Wolfskind wusste nicht, wer seine wahre Familie war. Mutiger Panther, der Mann, den er Vater nannte, hatte damals nur das Fellbündel entdeckt, in dem das Baby eingewickelt gewesen war, sonst niemanden auf seiner ganzen langen Reise. Sanftes Reh, die Frau, die er Mutter nannte, hatte alles getan, um die Herkunft des Jungen zu erfahren, doch vergeblich. Bestimmt war sein Stamm damals von den weißen Soldaten ausgelöscht worden, denn diese töteten nicht nur viel mehr Tiere als eigentlich nötig, was die Indianer nicht begreifen konnten, sondern auch Frauen und kleine Kinder, während die männlichen Indianer gefangen genommen und mitgenommen wurden. Man hatte schon einige Male gegen die weißen Soldaten gekämpft, doch jedes Mal wurden unzählige Indianer von ihnen getötet und man musste sich ergeben. Sie waren viel zu mächtig, mit ihren so anderen, stärkeren Waffen. Wolfskind hatte die Geschichte über seine Ankunft im Lager von Adlerklaue vor einigen Wintern von Mutiger Panther gehört und seitdem musste er ständig darüber nachdenken. Er wartete auch auf ein Zeichen des Wolfes, doch das war die ganze Zeit ausgeblieben. Der Junge hatte weder ein Traum als Botschaft oder Vorhersage von ihm geschickt bekommen, noch hatte er ihn selber gesehen, obwohl er ihn überall gesucht hatte. Allmählich war er mutlos geworden. Wollte sein wichtigster Helfer, das Tier, dem er sein Leben zu verdanken hatte, etwa nichts mehr von ihm wissen? Aber warum nur? Was war geschehen?

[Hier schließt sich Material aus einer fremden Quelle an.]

(* Let $H$ be a $p$-variate cumulative distribution function with continuous margins $F_1,\ldots,F_p$, let $\hat H_n$ be random $p$-variate cumulative distribution functions and $\hat F_{n,1},\ldots,\hat F_{n,p}$ random univariate cumulative distribution functions, and suppose there exists $0<r_n\to\infty$ such that, in $\ell^\infty(\mathbb R^p)\times\ell^\infty(\mathbb R)\times\cdots\times\ell^\infty(\mathbb R)$ with the topology of uniform convergence, \[\bigl(r_n(\hat H_n-H);\,r_n(\hat F_{n,1}-F_1),\ldots,r_n(\hat F_{n,p}-F_p)\bigr)\rightsquigarrow(\alpha\circ\mathbf F;\,\beta_1\circ F_1,\ldots,\beta_p\circ F_p),\qquad n\to\infty,\] where $\alpha$ is a random element of $\ell^\infty([0,1]^p)$ and $\beta_j$ random elements of $\ell^\infty([0,1])$ such that $\alpha\circ\mathbf F$ and $\beta_j\circ F_j$ have continuous trajectories on $[-\infty,\infty]^p$ and $[-\infty,\infty]$, respectively, almost surely. Then, with probability one, the trajectories of $\alpha$ and $\beta_1,\ldots,\beta_p$ are continuous (on $[0,1]^p$ and $[0,1]$ respectively).
   Context: $\mathbf F(\mathbf x)=(F_1(x_1),\ldots,F_p(x_p))$, with $F_j(-\infty)=0$, $F_j(+\infty)=1$. $\ell^\infty(T)$ is the space of bounded real functions on $T$ with the supremum norm; $\rightsquigarrow$ denotes Hoffmann-Jørgensen weak convergence. *)

From HB Require Import structures.
From mathcomp Require Import all_boot all_order all_algebra.
From mathcomp Require Import all_classical all_reals all_analysis.
Unset Printing Implicit Defensive.
Import Order.TTheory GRing.Theory Num.Theory.
Import numFieldNormedType.Exports.
Local Open Scope classical_set_scope.
Local Open Scope ring_scope.

Definition orthant {R : realType} {p : nat} (a : 'I_p -> R) : set ('I_p -> R) :=
  [set x | forall j, x j <= a j].

(* R^p with its Borel sigma-algebra, presented as the sigma-algebra generated
   by the lower orthants (which generate the Borel sets of R^p) *)
Definition orthants (R : realType) (p : nat) : set (set ('I_p -> R)) :=
  [set orthant a | a in [set: 'I_p -> R]].
Definition Rp (R : realType) (p : nat) := g_sigma_algebraType (orthants R p).

Definition is_cdf_p {R : realType} {p : nat} (H : ('I_p -> R) -> R) : Prop :=
  exists mu : probability (Rp R p) R, forall x, H x = fine (mu (orthant x)).

Definition is_cdf_p_margins {R : realType} {p : nat} (H : ('I_p -> R) -> R)
  (F : 'I_p -> R -> R) : Prop :=
  exists mu : probability (Rp R p) R,
    (forall x, H x = fine (mu (orthant x))) /\
    (forall j t, F j t = fine (mu [set y : 'I_p -> R | y j <= t])).

Definition is_cdf1 {R : realType} (F : R -> R) : Prop :=
  exists mu : probability R R, forall t, F t = fine (mu [set s : R | s <= t]).

Definition ext_cdf {R : realType} (F : R -> R) (x : \bar R) : R :=
  match x with
  | EFin t => F t
  | +oo%E => 1
  | -oo%E => 0
  end.

Definition bounded_on {R : realType} {T : Type} (D : set T) (z : T -> R) : Prop :=
  exists M : R, forall x, D x -> `|z x| <= M.

Definition sup_close {R : realType} {T : Type} (D : set T) (z w : T -> R) (d : R) :=
  forall x, D x -> `|z x - w x| <= d.

Definition linf_open {R : realType} {T : Type} (D : set T) (A : set (T -> R)) :=
  forall z, A z -> bounded_on D z ->
    exists2 d : R, 0 < d & forall w, bounded_on D w -> sup_close D z w d -> A w.

Definition linf_borel {R : realType} {d} {Om : measurableType d} {T : Type}
  (D : set T) (X : Om -> T -> R) : Prop :=
  (forall w, bounded_on D (X w)) /\
  (forall A, linf_open D A -> measurable (X @^-1` A)).

Definition bcont_linf {R : realType} {T : Type} (f : (T -> R) -> R) : Prop :=
  (exists M : R, forall z, bounded_on setT z -> `|f z| <= M) /\
  (forall z, bounded_on setT z -> forall e : R, 0 < e ->
     exists2 d : R, 0 < d & forall w, bounded_on setT w ->
       sup_close setT z w d -> `|f z - f w| < e).

(* outer expectation E^* X = inf { E U : U >= X, U measurable and integrable }
   (for bounded X, which is the only use below, this is the usual outer expectation) *)
Definition outer_expect {R : realType} {d} {Om : measurableType d}
  (P : probability Om R) (X : Om -> R) : \bar R :=
  ereal_inf [set (\int[P]_w (U w)%:E)%E | U in
    [set U : Om -> R | measurable_fun setT U /\ P.-integrable setT (EFin \o U)
                       /\ (forall w, X w <= U w)]].

(* Hoffmann-Jorgensen weak convergence X_n ~> X in l^infty(T):
   X is Borel measurable and E^* f(X_n) -> E f(X) for all bounded continuous f *)
Definition hj_weak_cvg {R : realType} {T : Type}
  {dn : nat -> measure_display} {Omn : forall n, measurableType (dn n)}
  (Pn : forall n, probability (Omn n) R) (Xn : forall n, Omn n -> T -> R)
  {d} {Om : measurableType d} (P : probability Om R) (X : Om -> T -> R) : Prop :=
  linf_borel setT X /\
  (forall n w, bounded_on setT (Xn n w)) /\
  (forall f, bcont_linf f ->
     (fun n => outer_expect (Pn n) (fun w => f (Xn n w))) @ \oo
       --> (\int[P]_w (f (X w))%:E)%E).

(* the product l^infty(R^p) x l^infty(R) x ... x l^infty(R) (p factors),
   encoded as l^infty of the disjoint union R^p + {1..p} x R; the sup metric on
   the disjoint union is the max of the sup metrics, i.e. the product topology *)
Definition prodIdx (R : realType) (p : nat) := (('I_p -> R) + ('I_p * R))%type.

Definition pack {R : realType} {p : nat} (h : ('I_p -> R) -> R)
  (g : 'I_p -> R -> R) : prodIdx R p -> R :=
  fun s => match s with inl x => h x | inr jt => g jt.1 jt.2 end.

Definition cube01 (R : realType) (p : nat) : set ('I_p -> R) :=
  [set x | forall j, 0 <= x j <= 1].
Definition unit01 (R : realType) : set R := [set t | 0 <= t <= 1].

(* Each margin F_j, extended by F_j(-oo) = 0 and F_j(+oo) = 1, is continuous on
   [-oo, +oo] and, by the intermediate value theorem, onto [0, 1].  Hence the
   coordinatewise map F sends the compact space [-oo, +oo]^p continuously onto
   [0, 1]^p, which is Hausdorff, so it is a quotient map onto its image:
   continuity of alpha o F forces continuity of alpha on [0, 1]^p, and likewise
   for each beta_j. *)

From HB Require Import structures.
From mathcomp Require Import all_boot all_order all_algebra.
From mathcomp Require Import all_classical all_reals all_analysis.
From mathcomp Require Import lra.
Import Order.TTheory GRing.Theory Num.Theory.
Import numFieldNormedType.Exports.
Local Open Scope classical_set_scope.
Local Open Scope ring_scope.

Lemma ereal_compact (R : realType) : compact [set: \bar R].
Proof.
have -> : [set: \bar R] = @expand R @` `[-1, 1]%classic.
  apply/seteqP; split => y // _; exists (contract y); last exact: contractK.
  by rewrite /= in_itv /= -ler_norml contract_le1.
apply: continuous_compact; last exact: segment_compact.
rewrite continuous_subspace_in => x; rewrite inE /= in_itv /= => x1.
apply/cvg_ballP => e e0; apply/nbhs_subspace_ex; first by rewrite /= in_itv /= x1.
exists (ball x e); first exact: nbhsx_ballx.
have x1' : `|x| <= 1 by rewrite ler_norml.
apply/seteqP; split => t [tx t1]; split => //; move: tx;
  rewrite /ball /= /ereal_ball !expandK ?inE //.
all: by move: t1; rewrite /= in_itv /= -ler_norml.
Qed.

Lemma ptws_ereal_compact (R : realType) (I : eqType) :
  compact [set: {ptws I -> \bar R}].
Proof.
have := @tychonoff I (fun=> \bar R) (fun=> setT) (fun=> ereal_compact R).
by congr compact; apply/seteqP.
Qed.

Lemma cvg_pointwise (I : Type) (V : topologicalType) (X : Type)
    (F : set_system X) {FF : Filter F} (g : X -> {ptws I -> V})
    (f : {ptws I -> V}) :
  (forall i, g x i @[x --> F] --> f i) -> g @ F --> f.
Proof.
move=> gf; apply/cvg_sup => i A /=; rewrite /nbhs /= => -[B [[U oU UB] Bfi BA]].
subst B.
have : F ((g ^~ i) @^-1` U) by apply: (gf i); exact: open_nbhs_nbhs.
by apply: filterS => x Ux; exact: BA.
Qed.

Section coordinatewise_map.
Context {I : eqType} {T U : topologicalType} (phi : I -> T -> U).

Definition map_ptws (x : {ptws I -> T}) : {ptws I -> U} := fun i => phi i (x i).

Lemma continuous_map_ptws : (forall i, continuous (phi i)) -> continuous map_ptws.
Proof.
move=> phi_cont x; apply: (@cvg_pointwise I U _ (nbhs x) _ map_ptws) => i.
have proj_cvg : (fun y : {ptws I -> T} => y i) @ nbhs x --> x i.
  exact: (@proj_continuous I (fun=> T) i x).
exact: cvg_comp proj_cvg (phi_cont i (x i)).
Qed.

Lemma range_map_ptws (S : I -> set U) : (forall i, S i `<=` range (phi i)) ->
  [set y | forall i, S i (y i)] `<=` range map_ptws.
Proof.
move=> Sphi y Sy.
have preim i : exists x, phi i x = y i.
  by have [x _ <-] := Sphi i _ (Sy i); exists x.
have [x xy] := choice preim.
by exists x => //; apply/funext => i; exact: xy.
Qed.

End coordinatewise_map.

Lemma continuous_within_factor_compact (K Y : topologicalType) (R : realFieldType)
    (G : K -> Y) (f : Y -> R) (S : set Y) :
  compact [set: K] -> hausdorff_space Y -> continuous G -> S `<=` range G ->
  continuous (f \o G) -> {within S, continuous f}.
Proof.
(* G maps the closed set where f o G is e-far from f u onto a compact, hence
   closed, set that misses u. *)
move=> cK hY cG SG cfG; rewrite continuous_subspace_in => u; rewrite inE => Su.
apply/cvgrPdist_lt => e e0.
pose far := [set x | e <= `|f u - f (G x)|].
have far_closed : closed far.
  have -> : far = (f \o G) @^-1` ~` ball (f u) e.
    by apply/seteqP; split => x; rewrite /far /= -ball_normE /= leNgt => /negP.
  apply: preimage_closed => [x _|]; first exact: cfG.
  exact/open_closedC/ball_open.
have Gfar_closed : closed (G @` far).
  apply: compact_closed => //; apply: continuous_compact.
    exact: continuous_subspaceT.
  exact: subclosed_compact far_closed cK _.
have u_near : nbhs u (~` (G @` far)).
  apply: open_nbhs_nbhs; split; first exact: closed_openC.
  by move=> [x + Gxu]; rewrite /far /= Gxu subrr normr0 leNgt e0.
apply/nbhs_subspace_ex => //; exists (~` (G @` far)) => //.
apply/seteqP; split => v [fv Sv]; split => //.
  by move=> [x + Gxv]; rewrite /far /= Gxv leNgt fv.
have [x _ Gxv] := SG v Sv.
by rewrite /= ltNge; apply/negP => ufv; apply: fv; exists x; rewrite /far /= Gxv.
Qed.

Section orthant_margins.
Context {R : realType} {p : nat}.

Definition coord (j : 'I_p) (y : Rp R p) : R := y j.

Lemma measurable_coord_le (j : 'I_p) (t : R) :
  measurable ([set y | y j <= t] : set (Rp R p)).
Proof.
have -> : [set y : Rp R p | y j <= t] =
    \bigcup_n orthant (fun i => if i == j then t else n%:R).
  apply/seteqP; split => y /=; last by move=> [n _ /(_ j)]; rewrite eqxx.
  move=> yt; exists (Num.truncn (\big[Order.max/0]_i `|y i|)).+1 => //= i.
  case: eqP => [->//|_]; apply/ltW/(le_lt_trans _ (truncnS_gt _)).
  exact: le_trans (ler_norm _) (le_bigmax _ (fun i => `|y i|) i).
apply: bigcupT_measurable => n; apply: sub_sigma_algebra.
by exists (fun i => if i == j then t else n%:R).
Qed.

Lemma measurable_coord (j : 'I_p) : measurable_fun setT (coord j).
Proof.
apply: (measurability _ (measurable_realfun.RGenOInfty.measurableE R)) => //.
move=> _ [_ [x ->] <-]; rewrite setTI.
have -> : coord j @^-1` `]x, +oo[ = ~` [set y | y j <= x].
  by apply/seteqP; split => y; rewrite /= in_itv /= andbT ltNge => /negP.
by apply: measurableC; exact: measurable_coord_le.
Qed.

HB.instance Definition _ (j : 'I_p) :=
  isMeasurableFun.Build _ _ _ _ (coord j) (measurable_coord j).

Variable mu : probability (Rp R p) R.

Definition margin_cdf (j : 'I_p) (t : R) := fine (mu [set y | y j <= t]).

Lemma margin_cdfE (j : 'I_p) :
  margin_cdf j = fine \o cdf (coord j : {RV mu >-> R}).
Proof.
apply/funext => t; rewrite /margin_cdf /= /cdf /distribution /pushforward.
by congr (fine (mu _)); apply/seteqP; split => y; rewrite /= in_itv.
Qed.

Lemma cvgy_margin_cdf (j : 'I_p) : margin_cdf j @ +oo%R --> (1 : R).
Proof.
have /fine_cvgP[_] := cvg_cdfy1 (coord j : {RV mu >-> R}).
by rewrite margin_cdfE.
Qed.

Lemma cvgNy_margin_cdf (j : 'I_p) : margin_cdf j @ -oo%R --> (0 : R).
Proof.
have /fine_cvgP[_] := cvg_cdfNy0 (coord j : {RV mu >-> R}).
by rewrite margin_cdfE.
Qed.

End orthant_margins.

Section extended_cdf.
Context {R : realType} {F : R -> R}.
Hypotheses (F_cont : continuous F) (F_cvgy : F @ +oo%R --> (1 : R))
  (F_cvgNy : F @ -oo%R --> (0 : R)).

Lemma continuous_ext_cdf : continuous (ext_cdf F : \bar R -> R).
Proof.
move=> x; apply/cvgrPdist_lt => e e0; case: x => [t| |].
- exact: (cvgrPdist_lt _ _).1 (F_cont t) e e0.
- have [M [Mr FM]] := (cvgrPdist_lt _ _).1 F_cvgy e e0.
  exists M; split => // -[t /=| |_] //=; last by rewrite subrr normr0.
  by rewrite lte_fin; exact: FM.
- have [M [Mr FM]] := (cvgrPdist_lt _ _).1 F_cvgNy e e0.
  exists M; split => // -[t /=| _ |] //=; last by rewrite subrr normr0.
  by rewrite lte_fin; exact: FM.
Qed.

Lemma unit01_sub_range_ext_cdf : unit01 R `<=` range (ext_cdf F).
Proof.
move=> v /andP[v0 v1].
have [->|vn0] := eqVneq v 0; first by exists -oo%E.
have [->|vn1] := eqVneq v 1; first by exists +oo%E.
have v_gt0 : 0 < v by rewrite lt_neqAle eq_sym vn0.
have v_lt1 : 0 < 1 - v by rewrite subr_gt0 lt_neqAle vn1.
have [b Fb] : exists b, v < F b.
  have [M [_ FM]] := (cvgrPdist_lt _ _).1 F_cvgy (1 - v) v_lt1.
  exists (M + 1); have := FM (M + 1); rewrite ltrDl ltr01.
  by move=> /(_ isT) /(le_lt_trans (ler_norm _)); lra.
have [a Fa] : exists a, F a < v.
  have [M [_ FM]] := (cvgrPdist_lt _ _).1 F_cvgNy v v_gt0.
  exists (M - 1); have := FM (M - 1); rewrite gtrBl ltr01 sub0r normrN.
  by move=> /(_ isT) /(le_lt_trans (ler_norm _)); lra.
have Fab x y : {within `[x, y], continuous F} by exact: continuous_subspaceT.
have [ab|ba] := leP a b.
- have : Num.min (F a) (F b) <= v <= Num.max (F a) (F b).
    by rewrite ge_min le_max (ltW Fa) (ltW Fb) orbT.
  by move=> /(IVT ab (Fab a b)) [c _ Fc]; exists c%:E.
- have : Num.min (F b) (F a) <= v <= Num.max (F b) (F a).
    by rewrite ge_min le_max (ltW Fa) (ltW Fb) orbT.
  by move=> /(IVT (ltW ba) (Fab b a)) [c _ Fc]; exists c%:E.
Qed.

End extended_cdf.

Theorem lemma4p2 (R : realType) (p : nat)
  (H : ('I_p -> R) -> R) (F : 'I_p -> R -> R)
  (dn : nat -> measure_display) (Omn : forall n, measurableType (dn n))
  (Pn : forall n, probability (Omn n) R)
  (Hhat : forall n, Omn n -> ('I_p -> R) -> R)
  (Fhat : forall n, Omn n -> 'I_p -> R -> R)
  (r : nat -> R)
  (d : measure_display) (Om : measurableType d) (P : probability Om R)
  (alpha : Om -> ('I_p -> R) -> R) (beta : Om -> 'I_p -> R -> R) :
  is_cdf_p_margins H F ->
  (forall j, continuous (F j)) ->
  (forall n w, is_cdf_p (Hhat n w)) ->
  (forall n w j, is_cdf1 (Fhat n w j)) ->
  (forall n, 0 < r n) ->
  r @ \oo --> +oo ->
  linf_borel (cube01 R p) alpha ->
  (forall j, linf_borel (unit01 R) (fun w => beta w j)) ->
  hj_weak_cvg Pn
    (fun n w => pack (fun x => r n * (Hhat n w x - H x))
                     (fun j t => r n * (Fhat n w j t - F j t)))
    P
    (fun w => pack (fun x => alpha w (fun j => F j (x j)))
                   (fun j t => beta w j (F j t))) ->
  {ae P, forall w,
     continuous (fun x : {ptws 'I_p -> \bar R} => alpha w (fun j => ext_cdf (F j) (x j)))
     /\ forall j, continuous (fun t : \bar R => beta w j (ext_cdf (F j) t))} ->
  {ae P, forall w,
     {within (cube01 R p : set {ptws 'I_p -> R}),
        continuous (alpha w : {ptws 'I_p -> R} -> R)} /\
     forall j, {within unit01 R, continuous (beta w j)}}.
Proof.
move=> [mu [_ FE]] F_cont _ _ _ _ _ _ _.
have F_margin j : F j = margin_cdf mu j by apply/funext => t; exact: FE.
have F_cvgy j : F j @ +oo%R --> (1 : R) by rewrite F_margin; exact: cvgy_margin_cdf.
have F_cvgNy j : F j @ -oo%R --> (0 : R) by rewrite F_margin; exact: cvgNy_margin_cdf.
have ext_cont j := continuous_ext_cdf (F_cont j) (F_cvgy j) (F_cvgNy j).
have ext_onto j := unit01_sub_range_ext_cdf (F_cont j) (F_cvgy j) (F_cvgNy j).
pose G := map_ptws (fun j => ext_cdf (F j)).
have G_cont : continuous G := continuous_map_ptws _ ext_cont.
have G_onto : cube01 R p `<=` range G := range_map_ptws _ (fun=> unit01 R) ext_onto.
apply: filterS => w [alpha_cont beta_cont]; split => [|j].
- apply: continuous_within_factor_compact (ptws_ereal_compact R _) _
    G_cont G_onto alpha_cont.
  by apply: hausdorff_product => _; exact: Rhausdorff.
- exact: continuous_within_factor_compact (ereal_compact R) (@Rhausdorff R)
    (ext_cont j) (ext_onto j) (beta_cont j).
Qed.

In diesem Winter zogen die Indianer wieder zum Berg des Himmels, da dort die weißen Soldaten seit 10 Wintern bisher nie wieder vorgedrungen waren und es deshalb dort inzwischen bestimmt auch wieder genug Wild geben würde. Wolfskind war sehr aufgeregt, da er dort dem geheimnisvollen Wolf am nächsten sein würde! Mutiger Panther hatte ihm erzählt, dass er im Wald um den Berg lebe und der Junge wollte unbedingt dorthin, um ihn zu suchen, doch wie überrascht war er, als er statt des dunklen Waldes einen riesigen Wirbelsturm vorfand. Er war nicht der einzige, der zu Tode erschrocken war: Die anderen Stammesmitglieder diskutierten lange miteinander, was es damit auf sich hat: "Was hat das nur zu bedeuten?" "Ist der Große Geist zornig auf uns?" "Aber warum? Was haben wir getan?" So groß die Angst vor diesem unheimlichen Naturereignis auch war, der Stamm blieb trotzdem an diesem Ort, da sich in der weiten Steppe sogar wieder Büffel angesiedelt hatten und er somit nach langer Zeit endlich mal wieder keinen Hunger leiden musste. Doch der Alltag der Indianer bestand die meiste Zeit aus flehenden Bittgebeten und Ritualen, die den Großen Geist gnädig stimmen sollten.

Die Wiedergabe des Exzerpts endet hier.